--- Stored items ---
=== Section Start ===
(* Let $\mathbf A\subset\mathbb Z^n_{\ge0}$ be a finite set not contained in any coordinate hyperplane $E_i=\{x_i=0\}$. Put $\Delta_i=\mathrm{Conv}(\mathbf A\setminus E_i)$ for $i=1,\dots,n$. Then: (1) $\Delta_1,\dots,\Delta_n$ are semi-interlaced in $(\mathrm{Conv}(\mathbf A),\mathbf A)$; (2) a proper face $K$ of $\mathrm{Conv}(\mathbf A)$ is a suture if and only if there is a coordinate subspace $E(K)$ with $K\subset E(K)$ and $\dim E(K)=\dim K$.
   Context: Let $A$ be a finite lattice set and $\mathbf P=\mathrm{Conv}(A)$. For a polytope $D$ with vertices in $A$, let $\mathcal D$ be the set of inclusion-maximal faces of $\mathbf P$ disjoint from $D$. $D$ is a daughter sub-polytope of $(\mathbf P,A)$ if these faces are pairwise disjoint and $D=\mathrm{Conv}(A\setminus\bigcup_{K\in\mathcal D}K)$. Daughter sub-polytopes $D_1,\dots,D_n$ are semi-interlaced in $(\mathbf P,A)$ if every face $\mathbf P^\gamma$, $\gamma\neq0$, is met by at least $\dim\mathbf P^\gamma$ of the $D_i$. Here $\mathbf P^\gamma$ is the face where $\gamma$ is minimal. A face is a suture if it is met by exactly as many $D_i$ as its dimension. *)

From HB Require Import structures.
From mathcomp Require Import all_boot all_order all_algebra.
From mathcomp Require Import boolp reals.
Set Implicit Arguments. Unset Strict Implicit. Unset Printing Implicit Defensive.
Import Order.TTheory GRing.Theory Num.Theory.
Local Open Scope ring_scope.

Section Polytopes.
Variables (R : realType) (n : nat).
Local Notation V := 'rV[R]_n.

(* Conv (A ∩ P): convex combinations of the points of A satisfying P. *)
Definition convP (A : seq V) (P : V -> Prop) (x : V) : Prop :=
  exists w : 'I_(size A) -> R,
    [/\ forall i, 0 <= w i,
        forall i, w i != 0 -> P (A`_i),
        \sum_i w i = 1
      & x = \sum_i w i *: A`_i].

Definition conv (A : seq V) : V -> Prop := convP A (fun _ => True).

Definition pairing (g x : V) : R := \sum_i g 0 i * x 0 i.

Definition face (A : seq V) (g : V) (x : V) : Prop :=
  conv A x /\ forall y, conv A y -> pairing g x <= pairing g y.

Definition is_face (A : seq V) (K : V -> Prop) : Prop :=
  exists g : V, forall x, K x <-> face A g x.

Definition proper_face (A : seq V) (K : V -> Prop) : Prop :=
  is_face A K /\ ~ (forall x, K x <-> conv A x).

(* affine dimension: least dimension of a linear subspace containing all
   differences x - y of points of S (i.e. dim of the direction of aff(S)). *)
Definition dimP (S : V -> Prop) (d : nat) : bool :=
  `[< exists U : {vspace V}, \dim U = d /\
        forall x y, S x -> S y -> (x - y) \in U >].

Lemma dimP_ex (S : V -> Prop) : exists d, dimP S d.
Proof.
exists (\dim (fullv : {vspace V})); apply/asboolP.
by exists fullv; split => // x y _ _; rewrite memvf.
Qed.

Definition affdim (S : V -> Prop) : nat := ex_minn (dimP_ex S).

Definition maxdisj (A : seq V) (D K : V -> Prop) : Prop :=
  [/\ is_face A K,
      forall x, ~ (K x /\ D x)
    & forall K', is_face A K' -> (forall x, ~ (K' x /\ D x)) ->
        (forall x, K x -> K' x) -> forall x, K' x -> K x].

Definition daughter (A : seq V) (D : V -> Prop) : Prop :=
  (* the maximal faces disjoint from D are pairwise disjoint
     (two of them that meet coincide) *)
  (forall K1 K2, maxdisj A D K1 -> maxdisj A D K2 ->
     (exists x, K1 x /\ K2 x) -> forall x, K1 x <-> K2 x) /\
  (forall x, D x <-> convP A (fun a => ~ exists K, maxdisj A D K /\ K a) x).

Definition nmet (k : nat) (D : 'I_k -> V -> Prop) (K : V -> Prop) : nat :=
  #|[set i : 'I_k | `[< exists x, D i x /\ K x >] ]|.

Definition semi_interlaced (A : seq V) (k : nat) (D : 'I_k -> V -> Prop)
  : Prop :=
  (forall i, daughter A (D i)) /\
  forall g : V, g != 0 -> (affdim (face A g) <= nmet D (face A g))%N.

Definition suture (A : seq V) (k : nat) (D : 'I_k -> V -> Prop)
  (K : V -> Prop) : Prop :=
  is_face A K /\ nmet D K = affdim K.

End Polytopes.

Definition embed (R : realType) (n : nat) (a : 'rV[nat]_n) : 'rV[R]_n :=
  map_mx (fun k : nat => k%:R) a.

From HB Require Import structures.
From mathcomp Require Import all_boot all_order all_algebra.
From mathcomp Require Import boolp reals.
Import Order.TTheory GRing.Theory Num.Theory.
Local Open Scope ring_scope.
Set Implicit Arguments. Unset Strict Implicit.

(* The heart of the argument is one observation: a face K = P^γ of P = Conv(A)
   that is disjoint from Δ_i lies in the hyperplane E_i.  Indeed every point of
   A carrying positive weight in a convex representation of a point of K lies
   in K (γ is minimal on K), and such a point cannot have a nonzero i-th
   coordinate, since it would then belong to Δ_i.  Consequently
   - a face K lies in the coordinate subspace spanned by the indices J(K) of
     the Δ_i meeting K, so dim K <= #J(K) = nmet K: this is semi-interlacing,
     and it shows that a suture lies in a coordinate subspace of its dimension;
   - conversely, if K lies in E_J with #J = dim K, then every Δ_i meeting K
     has i in J (points of Δ_i have positive i-th coordinate), so
     nmet K <= #J = dim K and K is a suture;
   - the only maximal face disjoint from Δ_i is the coordinate facet
     P ∩ E_i = P^{e_i} (when A meets E_i at all), which makes Δ_i a daughter. *)

Section ConvexHulls.
Variables (R : realType) (n : nat).
Local Notation V := 'rV[R]_n.

Definition hull_off (A : seq V) (i : 'I_n) : V -> Prop :=
  convP A (fun y => y 0 i != 0).

Definition met_set (k : nat) (D : 'I_k -> V -> Prop) (K : V -> Prop)
  : {set 'I_k} :=
  [set i | `[< exists x, D i x /\ K x >]].

Lemma convP_pt (A : seq V) (P : V -> Prop) (k : 'I_(size A)) :
  P A`_k -> convP A P A`_k.
Proof.
move=> Pk; exists (fun j => (j == k)%:R); split.
- by move=> j; rewrite ler0n.
- by move=> j; have [->|] := eqVneq j k => //; rewrite mulr0n eqxx.
- by rewrite (bigD1 k) //= eqxx big1 ?addr0 // => j /negbTE ->.
- rewrite (bigD1 k) //= eqxx scale1r big1 ?addr0 // => j /negbTE ->.
  by rewrite scale0r.
Qed.

Lemma conv_pt (A : seq V) (k : 'I_(size A)) : conv A A`_k.
Proof. exact: (@convP_pt A (fun _ => True)). Qed.

Lemma convP_mono (A : seq V) (P Q : V -> Prop) x :
  (forall k : 'I_(size A), P A`_k -> Q A`_k) -> convP A P x -> convP A Q x.
Proof. by move=> PQ [w [w0 wP w1 xE]]; exists w; split => // k /wP /PQ. Qed.

Lemma weight_support (m : nat) (w : 'I_m -> R) :
  \sum_k w k = 1 -> exists k, w k != 0.
Proof.
move=> w1; case: (pickP (fun k => w k != 0)) => [k wk|none]; first by exists k.
move: w1; rewrite big1 => [/eqP|j _]; first by rewrite eq_sym oner_eq0.
by move: (none j) => /negbFE/eqP.
Qed.

Lemma pairing_sum (g : V) (m : nat) (w : 'I_m -> R) (a : 'I_m -> V) :
  pairing g (\sum_j w j *: a j) = \sum_j w j * pairing g (a j).
Proof.
rewrite /pairing; under eq_bigr => i _ do rewrite summxE mulr_sumr.
rewrite exchange_big /=; apply: eq_bigr => j _.
by rewrite mulr_sumr; apply: eq_bigr => i _; rewrite mxE mulrCA.
Qed.

Lemma pairing_delta (i : 'I_n) (x : V) : pairing (delta_mx 0 i) x = x 0 i.
Proof.
rewrite /pairing (bigD1 i) //= mxE !eqxx mul1r big1 ?addr0 // => j ji.
by rewrite mxE eqxx (negbTE ji) mul0r.
Qed.

(* If x ∈ P^γ is a convex combination of points of A, every point with a
   nonzero weight lies in P^γ too: the weighted excesses of <γ, .> over
   <γ, x> are nonnegative and sum to zero. *)
Lemma face_support (A : seq V) g x (w : 'I_(size A) -> R) :
  face A g x -> (forall k, 0 <= w k) -> \sum_k w k = 1 ->
  x = \sum_k w k *: A`_k -> forall k, w k != 0 -> face A g A`_k.
Proof.
move=> [cx xmin] w0 w1 xE k wk.
have excess_ge0 j : 0 <= w j * (pairing g A`_j - pairing g x).
  by rewrite mulr_ge0 // subr_ge0; apply/xmin/conv_pt.
have excess_sum : \sum_j w j * (pairing g A`_j - pairing g x) = 0.
  under eq_bigr => j _ do rewrite mulrBr.
  by rewrite sumrB -mulr_suml w1 mul1r -pairing_sum -xE subrr.
have := @psumr_eq0P _ _ xpredT _ (fun j _ => excess_ge0 j) excess_sum k isT.
move/eqP; rewrite mulf_eq0 (negbTE wk) /= subr_eq0 => /eqP gk.
by split; [exact: conv_pt | move=> y cy; rewrite gk; apply: xmin].
Qed.

Lemma face_disjoint_in_hyperplane (A : seq V) (K : V -> Prop) g i :
  (forall x, K x <-> face A g x) ->
  (forall x, ~ (K x /\ hull_off A i x)) ->
  forall x, K x -> x 0 i = 0.
Proof.
move=> KE Kdis x Kx; have fx := (KE x).1 Kx.
case: (fx.1) => w [w0 _ w1 xE].
rewrite xE summxE; apply: big1 => k _; rewrite mxE.
have [->|wk] := eqVneq (w k) 0; first by rewrite mul0r.
have [->|aki] := eqVneq (A`_k 0 i) 0; first by rewrite mulr0.
exfalso; apply: (Kdis A`_k); split; last exact: convP_pt.
exact/KE/(face_support fx w0 w1 xE wk).
Qed.

Lemma face_in_met_coords (A : seq V) (K : V -> Prop) g :
  (forall x, K x <-> face A g x) ->
  forall x, K x -> forall i, i \notin met_set (hull_off A) K -> x 0 i = 0.
Proof.
move=> KE x Kx i iJ; apply: (face_disjoint_in_hyperplane KE) _ x Kx.
move=> y [Ky Dy]; move: iJ; rewrite inE => /negP; apply.
by apply/asboolP; exists y.
Qed.

(* A set contained in the coordinate subspace E_J has dimension at most #J:
   the differences of its points lie in the span of the unit vectors e_j,
   j ∈ J, which are linearly independent. *)
Lemma dimP_coord (S : V -> Prop) (J : {set 'I_n}) :
  (forall x, S x -> forall i, i \notin J -> x 0 i = 0) -> dimP S #|J|.
Proof.
move=> SJ; apply/asboolP.
pose e (j : 'I_n) : V := delta_mx 0 j.
pose T : n.-tuple V := [tuple e j | j < n].
have Te (j : 'I_n) : T`_j = e j by rewrite -tnth_nth tnth_mktuple.
have Tfree : free T.
  apply/freeP => c c0 i.
  have := congr1 (fun v : V => v 0 i) c0.
  rewrite summxE mxE (bigD1 i) //= Te !mxE !eqxx mulr1 big1 ?addr0 // => j ji.
  by rewrite Te !mxE eqxx eq_sym (negbTE ji) mulr0.
have e_inj : injective e.
  move=> i j /rowP/(_ i); rewrite !mxE !eqxx /=.
  by case: eqP => // _ /eqP; rewrite oner_eq0.
pose Y := [seq e j | j <- enum J].
have Yfree : free Y.
  have TY : perm_eq (filter (mem Y) T) Y.
    apply: uniq_perm.
    - by apply: filter_uniq; rewrite map_inj_uniq ?enum_uniq.
    - by rewrite map_inj_uniq ?enum_uniq.
    move=> v; rewrite mem_filter; apply/andP/idP => [[]//|vY]; split => //.
    by case/mapP: vY => j _ ->; apply/mapP; exists j; rewrite ?mem_enum.
  by rewrite -(perm_free TY) filter_free.
exists <<Y>>%VS; split; first by move/eqP: Yfree => ->; rewrite size_map -cardE.
move=> x y Sx Sy.
rewrite (row_sum_delta (x - y)) (bigID (mem J)) /= [X in _ + X]big1 ?addr0.
  apply: memv_suml => j jJ; apply/memvZ/memv_span.
  by apply/mapP; exists j; rewrite ?mem_enum.
by move=> j jJ; rewrite !mxE (SJ x Sx j jJ) (SJ y Sy j jJ) subrr scale0r.
Qed.

Lemma affdim_coord (S : V -> Prop) (J : {set 'I_n}) :
  (forall x, S x -> forall i, i \notin J -> x 0 i = 0) -> (affdim S <= #|J|)%N.
Proof.
by move=> SJ; rewrite /affdim; case: ex_minnP => m _; apply; apply: dimP_coord.
Qed.

Lemma affdim_le_nmet (A : seq V) (K : V -> Prop) g :
  (forall x, K x <-> face A g x) -> (affdim K <= nmet (hull_off A) K)%N.
Proof. by move=> KE; apply/affdim_coord/(face_in_met_coords KE). Qed.

End ConvexHulls.

Section NonnegativePoints.
Variables (R : realType) (n : nat) (A : seq 'rV[R]_n).
Local Notation V := 'rV[R]_n.
Hypothesis A_ge0 : forall (k : nat) i, 0 <= A`_k 0 i.

Definition coord_facet (i : 'I_n) (x : V) : Prop := conv A x /\ x 0 i = 0.

Lemma conv_ge0 i x : conv A x -> 0 <= x 0 i.
Proof.
case=> w [w0 _ w1 ->]; rewrite summxE; apply: sumr_ge0 => j _.
by rewrite mxE mulr_ge0.
Qed.

Lemma hull_off_pos i x : hull_off A i x -> 0 < x 0 i.
Proof.
case=> w [w0 wP w1 xE]; have [k wk] := weight_support w1.
rewrite xE summxE (bigD1 k) //= mxE.
have wAk_gt0 : 0 < w k * A`_k 0 i.
  by rewrite mulr_gt0 // lt_def ?wk ?w0 ?wP ?A_ge0.
apply: (lt_le_trans wAk_gt0); rewrite lerDl.
by apply: sumr_ge0 => j _; rewrite mxE mulr_ge0.
Qed.

Lemma coord_facet_disjoint i x : ~ (coord_facet i x /\ hull_off A i x).
Proof. by move=> [[_ x0] /hull_off_pos]; rewrite x0 ltxx. Qed.

Lemma coord_facet_face i (k : 'I_(size A)) :
  A`_k 0 i = 0 -> forall x, coord_facet i x <-> face A (delta_mx 0 i) x.
Proof.
move=> aki x; split.
- case=> cx x0; split => // y cy; rewrite !pairing_delta x0; exact: conv_ge0.
- case=> cx xmin; split => //; apply/eqP; rewrite eq_le conv_ge0 // andbT.
  by have := xmin _ (conv_pt k); rewrite !pairing_delta aki.
Qed.

Lemma disjoint_face_in_facet i K :
  is_face A K -> (forall x, ~ (K x /\ hull_off A i x)) ->
  forall x, K x -> coord_facet i x.
Proof.
move=> [g KE] Kdis x Kx; split; first exact: ((KE x).1 Kx).1.
exact: (face_disjoint_in_hyperplane KE).
Qed.

Lemma coord_facet_maxdisj i (k : 'I_(size A)) :
  A`_k 0 i = 0 -> maxdisj A (hull_off A i) (coord_facet i).
Proof.
move=> aki; split; last by move=> K' /disjoint_face_in_facet H /H.
- by exists (delta_mx 0 i); exact: coord_facet_face aki.
- exact: coord_facet_disjoint.
Qed.

Lemma maxdisj_vertex i K x :
  maxdisj A (hull_off A i) K -> K x -> exists k : 'I_(size A), A`_k 0 i = 0.
Proof.
move=> [[g KE] Kdis _] Kx; have fx := (KE x).1 Kx.
case: (fx.1) => w [w0 _ w1 xE]; have [k wk] := weight_support w1.
exists k; apply: (face_disjoint_in_hyperplane KE Kdis).
exact/KE/(face_support fx w0 w1 xE wk).
Qed.

Lemma maxdisj_coord_facet i K x0 :
  maxdisj A (hull_off A i) K -> K x0 -> forall x, K x <-> coord_facet i x.
Proof.
move=> mK Kx0; have [k aki] := maxdisj_vertex mK Kx0.
case: mK => Kface Kdis Kmax x; split; first exact: disjoint_face_in_facet.
case: (coord_facet_maxdisj aki) => Fface Fdis _.
by apply: Kmax => //; apply: disjoint_face_in_facet.
Qed.

(* Δ_i is a daughter sub-polytope: its maximal disjoint faces all equal
   P ∩ E_i, and removing them from A leaves exactly the points off E_i. *)
Lemma hull_off_daughter i : daughter A (hull_off A i).
Proof.
split.
- move=> K1 K2 m1 m2 [x0 [K1x0 K2x0]] x.
  by rewrite (maxdisj_coord_facet m1 K1x0) (maxdisj_coord_facet m2 K2x0).
- move=> x; split; apply: convP_mono => k.
  + move=> aki [K [[_ Kdis _] Kk]].
    by apply: (Kdis A`_k); split; last exact: convP_pt.
  + move=> notin_face; apply/eqP => aki; apply: notin_face.
    exists (coord_facet i); split; first exact: coord_facet_maxdisj aki.
    by split; first exact: conv_pt.
Qed.

Lemma met_set_sub_coords (K : V -> Prop) (J : {set 'I_n}) :
  (forall x, K x -> forall i, i \notin J -> x 0 i = 0) ->
  met_set (hull_off A) K \subset J.
Proof.
move=> KJ; apply/subsetP => i; rewrite inE => /asboolP [x [Dx Kx]].
apply/negPn/negP => iJ.
by move: (hull_off_pos Dx); rewrite (KJ x Kx i iJ) ltxx.
Qed.

End NonnegativePoints.

Lemma embed_ge0 (R : realType) (n : nat) (A : seq 'rV[nat]_n) (k : nat) i :
  0 <= (map (@embed R n) A)`_k 0 i.
Proof.
case: (ltnP k (size A)) => hk; first by rewrite (nth_map 0) // mxE ler0n.
by rewrite nth_default ?size_map // mxE.
Qed.

Unset Implicit Arguments. Set Strict Implicit.

Theorem lemma6p1 (R : realType) (n : nat) (A : seq 'rV[nat]_n)
  (hA : forall i : 'I_n, exists2 a, a \in A & a 0 i != 0%N) :
  let Ar := map (@embed R n) A in
  let Delta := fun (i : 'I_n) => convP Ar (fun x => x 0 i != 0) in
  semi_interlaced Ar Delta /\
  (forall K : 'rV[R]_n -> Prop, proper_face Ar K ->
     (suture Ar Delta K <->
      exists J : {set 'I_n},
        (forall x, K x -> forall i, i \notin J -> x 0 i = 0) /\
        #|J| = affdim K)).
Proof.
move=> Ar Delta; have Ar_ge0 := @embed_ge0 R n A.
split.
  split; first exact: hull_off_daughter Ar_ge0.
  by move=> g _; exact: (@affdim_le_nmet _ _ _ _ g).
move=> K [[g KE] _]; split.
- case=> _ nmetE; exists (met_set Delta K); split; last by rewrite -nmetE.
  exact: face_in_met_coords KE.
- case=> J [KJ cardJ]; split; first by exists g.
  apply/eqP; rewrite eqn_leq (affdim_le_nmet KE) andbT -cardJ.
  exact/subset_leq_card/(met_set_sub_coords Ar_ge0).
Qed.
=== Section End ===
Return word for word the lines above from the line with "Definition hull_off (A" to the line with "Proof. by move=> PQ", including both and leaving out all others.

Definition hull_off (A : seq V) (i : 'I_n) : V -> Prop :=
  convP A (fun y => y 0 i != 0).

Definition met_set (k : nat) (D : 'I_k -> V -> Prop) (K : V -> Prop)
  : {set 'I_k} :=
  [set i | `[< exists x, D i x /\ K x >]].

Lemma convP_pt (A : seq V) (P : V -> Prop) (k : 'I_(size A)) :
  P A`_k -> convP A P A`_k.
Proof.
move=> Pk; exists (fun j => (j == k)%:R); split.
- by move=> j; rewrite ler0n.
- by move=> j; have [->|] := eqVneq j k => //; rewrite mulr0n eqxx.
- by rewrite (bigD1 k) //= eqxx big1 ?addr0 // => j /negbTE ->.
- rewrite (bigD1 k) //= eqxx scale1r big1 ?addr0 // => j /negbTE ->.
  by rewrite scale0r.
Qed.

Lemma conv_pt (A : seq V) (k : 'I_(size A)) : conv A A`_k.
Proof. exact: (@convP_pt A (fun _ => True)). Qed.

Lemma convP_mono (A : seq V) (P Q : V -> Prop) x :
  (forall k : 'I_(size A), P A`_k -> Q A`_k) -> convP A P x -> convP A Q x.
Proof. by move=> PQ [w [w0 wP w1 xE]]; exists w; split => // k /wP /PQ. Qed.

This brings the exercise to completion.